I'm able to identify / isolate in my string the emoji list using a RegEx, but this seems not useful.
Any help ? Thanks !
I assume you want to treat each grapheme cluster of the string as a separate character. A grapheme cluster is displayed as a single "unit" of text. In addition to single char
s and surrogate pairs, this also includes things like emojis that are modified with skin tone modifiers, zero-width sequences, combining diacritics etc. This means that a "man with dark skin" emoji would be counted differently as a "man with light skin" emoji.
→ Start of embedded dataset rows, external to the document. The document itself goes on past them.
(* Let $\rho_{AE}\in\mathcal S(AE)$ with $A=A_1\otimes A_2$, let $\{U_1,\dots,U_L\}$ be unitaries on $A$ with corresponding measurements $\mathcal M^j_{A\to K_1}(\cdot)=\mathcal I_{A_1\to K_1}(\mathcal T_{A\to A_1}(U_j\cdot U_j^\dagger))$, and suppose \[ \frac1L\sum_{j=1}^L\Bigl\|\mathcal M^j_{A\to K_1}(\rho_{AE})-\frac{\mathbb I_{K_1}}{|K_1|}\otimes\rho_E\Bigr\|_1\le\varepsilon(\rho) \] for some number $\varepsilon(\rho)$. Then $H_{\min}^{\sqrt{2\varepsilon(\rho)}}(K_1|EJ)_\rho\ge\log|K_1|$, where $\rho_{K_1EJ}=\frac1L\sum_{j=1}^L\mathcal M^j_{A\to K_1}(\rho_{AE})\otimes|j\rangle\langle j|_J$.
   Context: All Hilbert spaces are finite-dimensional; $\log$ is base 2; $\mathcal S$ density operators, $\mathcal S_{\le}$ positive operators of trace $\le1$. Fix computational bases $\{|a_1\rangle\}$ of $A_1$, $\{|a_2\rangle\}$ of $A_2$; $\mathcal T_{A\to A_1}(X)=\sum_{a_1,a_2}\langle a_1a_2|X|a_1a_2\rangle|a_1\rangle\langle a_1|$ (applied as $\mathcal T\otimes\mathrm{id}_E$); $K_1$ is a copy of $A_1$ and $\mathcal I_{A_1\to K_1}$ the identity relabeling $|a_1\rangle\langle a_1'|\mapsto|a_1\rangle\langle a_1'|$; $J$ is a classical register with orthonormal basis $\{|j\rangle\}_{j=1}^L$. For $\rho_{AB}\in\mathcal S_{\le}(AB)$, $\sigma_B\in\mathcal S(B)$: $H_{\min}(A|B)_{\rho|\sigma}=\max\{\lambda:2^{-\lambda}\mathbb I_A\otimes\sigma_B\ge\rho_{AB}\}$, $H_{\min}(A|B)_\rho=\max_{\sigma_B}H_{\min}(A|B)_{\rho|\sigma}$; $\bar F(\rho,\sigma)=\|\sqrt\rho\sqrt\sigma\|_1+\sqrt{(1-\mathrm{tr}\rho)(1-\mathrm{tr}\sigma)}$, $P=\sqrt{1-\bar F^2}$, $H^\varepsilon_{\min}(A|B)_\rho=\max\{H_{\min}(A|B)_{\tilde\rho}:\tilde\rho_{AB}\in\mathcal S_{\le}(AB),P(\rho_{AB},\tilde\rho_{AB})\le\varepsilon\}$. *)

From HB Require Import structures.
From mathcomp Require Import all_boot all_order all_algebra.
From mathcomp Require Import complex mxtens.
From mathcomp Require Import all_classical all_reals.
From mathcomp Require Import ereal exp.
From Stdlib Require Import ClassicalEpsilon.

Set Implicit Arguments.
Unset Strict Implicit.
Unset Printing Implicit Defensive.

Import Order.TTheory GRing.Theory Num.Theory.
Local Open Scope ring_scope.
Local Open Scope sesquilinear_scope.

(* Composite systems A (x) B are represented on dimension m * n with the
   Kronecker product  *t  of mxtens (index (a,b) |-> a * n + b). *)

Definition adj {R : realType} m n (M : 'M[R[i]]_(m, n)) : 'M[R[i]]_(n, m) := M ^t*.

Definition psdmx {R : realType} n (M : 'M[R[i]]_n) : Prop :=
  adj M = M /\ forall v : 'cV[R[i]]_n, 0 <= (adj v *m M *m v) 0 0.

Definition lemx {R : realType} n (A B : 'M[R[i]]_n) : Prop := psdmx (B - A).

Definition trR {R : realType} n (M : 'M[R[i]]_n) : R := complex.Re (\tr M).

Definition density {R : realType} n (M : 'M[R[i]]_n) : Prop :=
  psdmx M /\ \tr M = 1.
Definition subnormalized {R : realType} n (M : 'M[R[i]]_n) : Prop :=
  psdmx M /\ trR M <= 1.

Definition msqrt {R : realType} n (M : 'M[R[i]]_n) : 'M[R[i]]_n :=
  epsilon (inhabits 0) (fun B : 'M[R[i]]_n => psdmx B /\ B *m B = M).

Definition trnorm {R : realType} n (X : 'M[R[i]]_n) : R :=
  trR (msqrt (adj X *m X)).

Definition Fbar {R : realType} n (rho sig : 'M[R[i]]_n) : R :=
  trnorm (msqrt rho *m msqrt sig) + Num.sqrt ((1 - trR rho) * (1 - trR sig)).
Definition Pdist {R : realType} n (rho sig : 'M[R[i]]_n) : R :=
  Num.sqrt (1 - Fbar rho sig ^+ 2).

(* H_min(A|B)_{rho|sigma} = max {lambda : 2^{-lambda} I_A (x) sigma_B >= rho_AB}
   (taken as a supremum in the extended reals) *)
Definition Hmin_rel {R : realType} a b (rho : 'M[R[i]]_(a * b)) (sig : 'M[R[i]]_b)
  : \bar R :=
  ereal_sup [set (l%:E)%E | l in
    [set l : R | lemx rho ((((2 : R) `^ (- l))%:C)%C *: ((1%:M : 'M[R[i]]_a) *t sig))]].

Definition Hmin {R : realType} a b (rho : 'M[R[i]]_(a * b)) : \bar R :=
  ereal_sup [set Hmin_rel rho sig | sig in [set sig : 'M[R[i]]_b | density sig]].

Definition Hmin_smooth {R : realType} a b (eps : R) (rho : 'M[R[i]]_(a * b)) : \bar R :=
  ereal_sup [set Hmin rt | rt in
    [set rt : 'M[R[i]]_(a * b) | subnormalized rt /\ Pdist rho rt <= eps]].

Definition ptrace1 {R : realType} m n (X : 'M[R[i]]_(m * n)) : 'M[R[i]]_n :=
  \matrix_(i, j) \sum_(a < m) X (mxtens_index (a, i)) (mxtens_index (a, j)).

(* (T_{A -> A1} (x) id_E)(X),  A = A1 (x) A2:
   sum_{a1,a2} |a1><a1| (x) (<a1 a2| (x) I_E) X (|a1 a2> (x) I_E) *)
Definition Tmap {R : realType} a1 a2 e (X : 'M[R[i]]_(a1 * a2 * e)) : 'M[R[i]]_(a1 * e) :=
  \matrix_(i, j)
    if (mxtens_unindex i).1 == (mxtens_unindex j).1 then
      \sum_(x2 < a2)
        X (mxtens_index (mxtens_index ((mxtens_unindex i).1, x2), (mxtens_unindex i).2))
          (mxtens_index (mxtens_index ((mxtens_unindex j).1, x2), (mxtens_unindex j).2))
    else 0.

(* identity relabelling I_{A1 -> K1} (K1 is a copy of A1, |K1| = |A1|) *)
Definition relabel {R : realType} n (X : 'M[R[i]]_n) : 'M[R[i]]_n := X.

Definition Mmeas {R : realType} a1 a2 e (U : 'M[R[i]]_(a1 * a2))
  (X : 'M[R[i]]_(a1 * a2 * e)) : 'M[R[i]]_(a1 * e) :=
  relabel (Tmap ((U *t (1%:M : 'M[R[i]]_e)) *m X *m adj (U *t (1%:M : 'M[R[i]]_e)))).

Definition log2 {R : realType} (x : R) : R := ln x / ln 2.

From HB Require Import structures.
From mathcomp Require Import all_boot all_order all_algebra.
From mathcomp Require Import complex mxtens.
From mathcomp Require Import all_classical all_reals.
From mathcomp Require Import ereal exp.
From Stdlib Require Import ClassicalEpsilon.
From mathcomp Require Import ring lra.

Set Implicit Arguments.
Unset Strict Implicit.
Unset Printing Implicit Defensive.

Import Order.TTheory GRing.Theory Num.Theory.
Local Open Scope ring_scope.

(* Let tau = I/|K1| (x) rho_E (x) I/L.  The difference rho_{K1EJ} - tau is block
   diagonal in J with blocks (M^j(rho_AE) - I/|K1| (x) rho_E)/L, so its trace norm is
   at most eps.  The Powers-Stormer inequality ||sqrt rho - sqrt tau||_2^2 <=
   ||rho - tau||_1 bounds the fidelity of rho_{K1EJ} and tau below by 1 - eps/2, hence
   their purified distance is at most sqrt eps <= sqrt (2 eps).  Finally
   tau = 2^(-log |K1|) I (x) sigma with the state sigma = rho_E (x) I/L, so
   H_min(K1|EJ)_tau >= log |K1|, and tau is admissible in the smoothing. *)

Section Kronecker.
Variable K : comPzRingType.

Lemma tensmxBl m n p q (A1 A2 : 'M[K]_(m, n)) (B : 'M[K]_(p, q)) :
  (A1 - A2) *t B = A1 *t B - A2 *t B.
Proof. by apply/matrixP=> i j; rewrite !mxE mulrBl. Qed.

Lemma tensmxZl m n p q c (A : 'M[K]_(m, n)) (B : 'M[K]_(p, q)) :
  (c *: A) *t B = c *: (A *t B).
Proof. by apply/matrixP=> i j; rewrite !mxE mulrA. Qed.

Lemma tensmxZr m n p q c (A : 'M[K]_(m, n)) (B : 'M[K]_(p, q)) :
  A *t (c *: B) = c *: (A *t B).
Proof. by apply/matrixP=> i j; rewrite !mxE mulrCA. Qed.

Lemma tensmx_sumr m n p q I (r : seq I) (P : pred I)
  (A : 'M[K]_(m, n)) (B : I -> 'M[K]_(p, q)) :
  A *t (\sum_(k <- r | P k) B k) = \sum_(k <- r | P k) (A *t B k).
Proof.
apply/matrixP=> i j; rewrite mxE !summxE mulr_sumr.
by apply: eq_bigr => k _; rewrite mxE.
Qed.

Lemma tensmx11 m n : (1%:M : 'M[K]_m) *t (1%:M : 'M[K]_n) = 1%:M.
Proof.
apply/matrixP=> i j; case: (mxtens_indexP i) => i1 i2; case: (mxtens_indexP j) => j1 j2.
by rewrite tensmxE !mxE -natrM mulnb (inj_eq (can_inj (@mxtens_indexK m n))) xpair_eqE.
Qed.

Lemma castmx_tensmxA m n p (A : 'M[K]_m) (B : 'M[K]_n) (C : 'M[K]_p) :
  castmx (esym (mulnA m n p), esym (mulnA m n p)) ((A *t B) *t C) = A *t (B *t C).
Proof.
have idxA (i1 : 'I_m) (i2 : 'I_n) (i3 : 'I_p) :
    cast_ord (esym (esym (mulnA m n p))) (mxtens_index (i1, mxtens_index (i2, i3))) =
    mxtens_index (mxtens_index (i1, i2), i3).
  by apply: val_inj => /=; rewrite mulnDl -mulnA addnA.
apply/matrixP=> i j; rewrite castmxE /=.
case: (mxtens_indexP i) => i1 i23; case: (mxtens_indexP i23) => i2 i3.
case: (mxtens_indexP j) => j1 j23; case: (mxtens_indexP j23) => j2 j3.
by rewrite !idxA !tensmxE mulrA.
Qed.

Lemma castmxB n n' (e : n = n') (A B : 'M[K]_n) :
  castmx (e, e) (A - B) = castmx (e, e) A - castmx (e, e) B.
Proof. by case: n' / e; rewrite !castmx_id. Qed.


Lemma sum_mxtens_index m n (F : 'I_(m * n) -> K) :
  \sum_k F k = \sum_(i < m) \sum_(j < n) F (mxtens_index (i, j)).
Proof.
rewrite pair_big /= (reindex (@mxtens_index m n)) /=; first by apply: eq_bigr => -[].
by exists (@mxtens_unindex m n) => k _; rewrite (mxtens_indexK, mxtens_unindexK).
Qed.

Lemma mxtrace_tens m n (A : 'M[K]_m) (B : 'M[K]_n) :
  \tr (A *t B) = \tr A * \tr B.
Proof. by rewrite /mxtrace mulr_sum; apply: eq_bigr => k _; rewrite mxE. Qed.


Lemma mxtrace_delta n (j : 'I_n) : \tr (delta_mx j j : 'M[K]_n) = 1.
Proof. by rewrite /mxtrace (bigD1 j) //= big1 => [|k /negbTE kj]; rewrite mxE ?kj // !eqxx addr0. Qed.

Lemma sum_delta_mx n : \sum_(j < n) (delta_mx j j : 'M[K]_n) = 1%:M.
Proof.
apply/matrixP=> a b; rewrite summxE !mxE (bigD1 a) //= big1 => [|k /negbTE ka].
  by rewrite mxE eqxx /= addr0 eq_sym.
by rewrite mxE eq_sym ka.
Qed.

Lemma mulmx_blockdiag m L (A B : 'I_L -> 'M[K]_m) :
  (\sum_j (A j *t delta_mx j j)) *m (\sum_k (B k *t delta_mx k k))
  = \sum_j ((A j *m B j) *t (delta_mx j j : 'M[K]_L)).
Proof.
rewrite mulmx_suml; apply: eq_bigr => j _; rewrite mulmx_sumr (bigD1 j) //= big1.
  by rewrite tensmx_mul mul_delta_mx addr0.
by move=> k kj; rewrite tensmx_mul mul_delta_mx_0 ?tensmx0 // eq_sym.
Qed.

End Kronecker.

Section Adjoint.
Variable R : realType.

Lemma adjE m n (M : 'M[R[i]]_(m, n)) i j : adj M i j = (M j i)^*.
Proof. by rewrite /adj !mxE. Qed.

Lemma adjK m n (M : 'M[R[i]]_(m, n)) : adj (adj M) = M.
Proof. exact: trmxCK. Qed.

Lemma adjM m n p (A : 'M[R[i]]_(m, n)) (B : 'M[R[i]]_(n, p)) :
  adj (A *m B) = adj B *m adj A.
Proof. by rewrite /adj trmx_mul map_mxM. Qed.

Lemma adjD m n (A B : 'M[R[i]]_(m, n)) : adj (A + B) = adj A + adj B.
Proof. by rewrite /adj raddfD map_mxD. Qed.

Lemma adjB m n (A B : 'M[R[i]]_(m, n)) : adj (A - B) = adj A - adj B.
Proof. by rewrite /adj raddfB map_mxB. Qed.

Lemma adjZ m n c (A : 'M[R[i]]_(m, n)) : adj (c *: A) = c^* *: adj A.
Proof. by rewrite /adj linearZ map_mxZ. Qed.

Lemma adj0 m n : adj (0 : 'M[R[i]]_(m, n)) = 0.
Proof. by rewrite /adj trmx0 map_mx0. Qed.

Lemma adj1 n : adj (1%:M : 'M[R[i]]_n) = 1%:M.
Proof. by rewrite /adj trmx1 map_mx1. Qed.

Lemma adj_sum m n I (r : seq I) (P : pred I) (F : I -> 'M[R[i]]_(m, n)) :
  adj (\sum_(k <- r | P k) F k) = \sum_(k <- r | P k) adj (F k).
Proof. by rewrite /adj raddf_sum map_mx_sum. Qed.

Lemma adj_tens m n p q (A : 'M[R[i]]_(m, n)) (B : 'M[R[i]]_(p, q)) :
  adj (A *t B) = adj A *t adj B.
Proof. by rewrite /adj trmx_tens map_mxT. Qed.

Lemma adj_delta m n (j : 'I_m) (k : 'I_n) :
  adj (delta_mx j k : 'M[R[i]]_(m, n)) = delta_mx k j.
Proof. by rewrite /adj trmx_delta map_delta_mx. Qed.

Lemma adj_diag_real n (d : 'rV[R[i]]_n) :
  (forall k, d 0 k \is Num.real) -> adj (diag_mx d) = diag_mx d.
Proof.
move=> d_real; apply/matrixP=> i j; rewrite adjE !mxE eq_sym.
by case: eqP => [->|_]; rewrite ?mulr1n ?conj_Creal ?mulr0n ?rmorph0.
Qed.

Lemma mul_adjmx_unitary n (P : 'M[R[i]]_n) : P \is unitarymx -> adj P *m P = 1%:M.
Proof. by move=> uP; rewrite /adj -invmx_unitary // mulVmx ?unitarymx_unit. Qed.

Lemma mulmx_adj_unitary m n (P : 'M[R[i]]_(m, n)) : P \is unitarymx -> P *m adj P = 1%:M.
Proof. by move/unitarymxP. Qed.
Lemma P_mul_singleton (f g : M -> M) : P_mul (singleton f) (singleton g) = singleton (comp f g).
Proof.
  apply pred_ext; intro h; unfold P_mul, singleton; split.
  - intros [a [b [-> [-> ->]]]]; reflexivity.
  - intros ->; eauto 6.
Qed.

Lemma P_star_singleton (f : M -> M) : P_star le compl (singleton f) = singleton (adj le compl f).
Proof.
  apply pred_ext; intro h; unfold P_star, image, singleton; split.
  - intros [a [-> ->]]; reflexivity.
  - intros ->; eauto.
Qed.

Hypothesis H : is_cOML le compl sup.
Let HL := cOML_complete_lattice H.

Lemma P_sim_singleton (f : M -> M) :
  P_sim le compl sup (singleton f) = singleton (sasaki le compl sup (compl (f (top sup)))).
Proof.
  assert (E : (fun z => exists a, singleton f a /\ z = a (top sup)) = singleton (f (top sup))).
  { apply pred_ext; intro z; unfold singleton; split.
    - intros [a [-> ->]]; reflexivity.
    - intros ->; eauto. }
  unfold P_sim; rewrite E, (sup_singleton HL); reflexivity.
Qed.

Lemma singleton_iso :
  IM_iso (@comp M) (adj le compl) (fun x : M => x) (T_Lin le compl sup)
         (@P_mul M) (P_star le compl) (@P_unit M)
         (T_P le compl sup (T_Lin le compl sup)) singleton.
Proof.
  apply gen_iso.
  - intros f g _ _; symmetry; apply P_mul_singleton.
  - reflexivity.
  - intros f _; symmetry; apply P_star_singleton.
  - intros f [m ->]; apply gen_base.
    exists (singleton (sasaki le compl sup (compl m))); split.
    + intros a ->; apply gen_base; exists (compl m); reflexivity.
    + rewrite P_sim_singleton, (sasaki_top H), !(complK H); reflexivity.
  - intros f g _ _; apply singleton_inj.
  - intros X [A [_ ->]]; eexists; split; [apply gen_base; eexists; reflexivity | reflexivity].
Qed.
End PowersetOfLin.

Lemma IDA_mor_hom (K1 K2 : IDA) (f : K1 -> K2) :
  is_IDA_mor f ->
  IM_hom (ida_mul K1) (ida_star K1) (ida_e K1) (T K1)
         (ida_mul K2) (ida_star K2) (ida_e K2) (T K2) f.
Proof.
  intros [_ [fmul [fstar [fe fsim]]]]; apply gen_hom; auto.
  intros x [l ->]; apply gen_base; rewrite fsim; apply sim_tests.
Qed.

Theorem proposition4p9 :
  (* (1) *)
  (forall K : IDA,
     (forall k : K, tests k -> T K k) /\
     T K (ida_e K) /\
     (forall x y : K, T K x -> T K y -> T K (ida_mul K x y)) /\
     (forall x : K, T K x -> T K (ida_star K x))) /\
  (* (2) *)
  (forall (K : IDA) (sup : (TK K -> Prop) -> TK K),
     is_cOML (@TK_le K) (@TK_compl K) sup ->
     (forall s t : K, T K s -> T K t -> (s = t <-> equivK s t)) ->
     IM_iso (ida_mul K) (ida_star K) (ida_e K) (T K)
            (@comp (TK K)) (adj (@TK_le K) (@TK_compl K)) (fun x : TK K => x)
            (T_Lin (@TK_le K) (@TK_compl K) sup) (@nu K) /\
     (forall k l : K, tests k -> tests l -> prec k l ->
        Lin_le (nu k) (nu l)) /\
     (forall k : K, tests k -> Lin_tests (@TK_le K) (@TK_compl K) sup (nu k)) /\
     (forall k l : K, tests k -> tests l -> nu k = nu l -> k = l) /\
     (forall p, Lin_tests (@TK_le K) (@TK_compl K) sup p ->
        exists k : K, tests k /\ nu k = p)) /\
  (* (3) *)
  (forall (M : Type) (le : M -> M -> Prop) (compl : M -> M) (sup : (M -> Prop) -> M),
     is_cOML le compl sup ->
     IM_iso (@comp M) (adj le compl) (fun x : M => x) (T_Lin le compl sup)
            (@P_mul M) (P_star le compl) (@P_unit M)
            (T_P le compl sup (T_Lin le compl sup))
            (fun f : M -> M => fun g : M -> M => g = f)) /\
  (* (4) *)
  (forall (K1 K2 : IDA) (f : K1 -> K2),
     is_IDA_mor f ->
     (forall x : K1, T K1 x -> T K2 (f x)) /\
     IM_hom (ida_mul K1) (ida_star K1) (ida_e K1) (T K1)
            (ida_mul K2) (ida_star K2) (ida_e K2) (T K2) f).
Proof.
  split; [| split; [| split]].
  - intros K; repeat split; intros;
      [apply gen_base | apply gen_unit | apply gen_mul | apply gen_star]; assumption.
  - intros K sup HO sep.
    destruct (nu_iso HO sep) as [_ [nu_inj _]].
    split; [exact (nu_iso HO sep) | split; [| split; [| split]]].
    + intros k l Hk Hl hkl; rewrite (nu_sasaki HO Hk), (nu_sasaki HO Hl).
      apply (Lin_le_sasaki HO); exact hkl.
    + intros k Hk; exists (exist _ k Hk); apply (nu_sasaki HO).
    + intros k l Hk Hl; apply nu_inj; apply gen_base; assumption.
    + exact (nu_onto_tests HO).
  - intros M le compl sup HO; exact (singleton_iso HO).
  - intros K1 K2 f Hf; split; [apply (IDA_mor_hom Hf) | exact (IDA_mor_hom Hf)].
Qed.
Lemma pareto_quantile_le x : pareto_survival al x0 x <= q -> pareto_quantile al x0 q <= x.
Proof.
  intros Hx; apply Rnot_lt_le; intros Hlt.
  set (y := Rmax x x0).
  assert (Hy : x0 <= y) by apply Rmax_r.
  assert (Hln : ln y < ln x0 - ln q / al).
  { rewrite <- ln_pareto_quantile; apply ln_increasing.
    - lra.
    - apply Rmax_lub_lt; [lra | exact pareto_quantile_gt]. }
  assert (HSx : pareto_survival al x0 x = exp (al * ln x0 - al * ln y))
    by (unfold pareto_survival, pareto_ratio; fold y; f_equal; ring).
  assert (q < exp (al * ln x0 - al * ln y)); [|lra].
  rewrite <- (exp_ln q) at 1 by lra; apply exp_increasing.
  apply Rmult_lt_compat_l with (r := al) in Hln; [|lra].
  replace (al * (ln x0 - ln q / al)) with (al * ln x0 - ln q) in Hln by (field; lra).
  lra.
Qed.

Lemma is_threshold_pareto : is_threshold (pareto_density al x0) q (pareto_quantile al x0 q).
Proof.
  apply (is_threshold_tail _ (pareto_survival al x0)).
  - exact improper_int_pareto_density.
  - left; apply exp_pos.
  - rewrite pareto_survival_quantile; lra.
  - intros x _; exact (pareto_quantile_le x).
Qed.

Lemma pareto_moment_tail_0 : pareto_moment_tail al x0 0 = al / (al - 1) * x0.
Proof.
  unfold pareto_moment_tail, pareto_ratio; rewrite Rmax_right by lra.
  rewrite Rminus_eq_0, Rmult_0_r, exp_0; ring.
Qed.

Lemma pareto_moment_tail_quantile :
  pareto_moment_tail al x0 (pareto_quantile al x0 q)
  = pareto_moment_tail al x0 0 * Rpower q ((al - 1) / al).
Proof.
  rewrite pareto_moment_tail_0; unfold pareto_moment_tail.
  fold (pareto_survival al x0 (pareto_quantile al x0 q)).
  rewrite pareto_survival_quantile, Rmax_left by (left; exact pareto_quantile_gt).
  unfold pareto_quantile, Rpower.
  replace (ln x0 - ln q / al) with (ln x0 + - ln q / al) by (unfold Rdiv; ring).
  replace ((al - 1) / al * ln q) with (- ln q / al + ln q) by (field; lra).
  rewrite !exp_plus, !exp_ln by lra; ring.
Qed.

Lemma is_kappa_pareto : is_kappa (pareto_density al x0) q (Rpower q ((al - 1) / al)).
Proof.
  assert (HT0 : 0 < pareto_moment_tail al x0 0).
  { rewrite pareto_moment_tail_0; apply Rmult_lt_0_compat; [|exact x0_gt0].
    apply Rdiv_lt_0_compat; lra. }
  replace (Rpower q ((al - 1) / al))
    with (pareto_moment_tail al x0 (pareto_quantile al x0 q) / pareto_moment_tail al x0 0)
    by (rewrite pareto_moment_tail_quantile; field; lra).
  apply is_kappa_moment_tail;
    [exact is_threshold_pareto | exact improper_int_pareto_moment | exact HT0].
Qed.

Lemma kappa_pareto : kappa (pareto_density al x0) q = Rpower q ((al - 1) / al).
Proof. exact (kappa_eq_of_is_kappa _ _ _ is_kappa_pareto). Qed.

End Quantile.

End Pareto.

Lemma sumN_ext m f g : (forall i, (i < m)%nat -> f i = g i) -> sumN m f = sumN m g.
Proof.
  induction m as [|m IHm]; intros Hfg; simpl; [reflexivity|].
  rewrite IHm, Hfg; [reflexivity | lia | intros; apply Hfg; lia].
Qed.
You can use StringInfo.GetTextElementEnumerator
to iterate through the grapheme clusters:
using System.Globalization;
var dictionary = new Dictionary<string, int>();
var graphemeEnumerator = StringInfo.GetTextElementEnumerator("👨🏿👨🏿👨");
while(graphemeEnumerator.MoveNext()) {
var grapheme = graphemeEnumerator.GetTextElement();
if (dictionary.ContainsKey(grapheme)) {
dictionary[grapheme]++;
} else {
dictionary.Add(grapheme, 1);
}
}
// { [👨🏿, 2], [👨🏻, 1] }
You can then convert the dictionary into your CountClass
if you want.
Note that Dmitry Bychenko's answer iterates over the runes (aka Unicode scalars) instead. For "👨🏿👨🏿👨", their answer will count 3 man emojis, 2 dark skin tone modifiers, and 1 light skin tone modifier.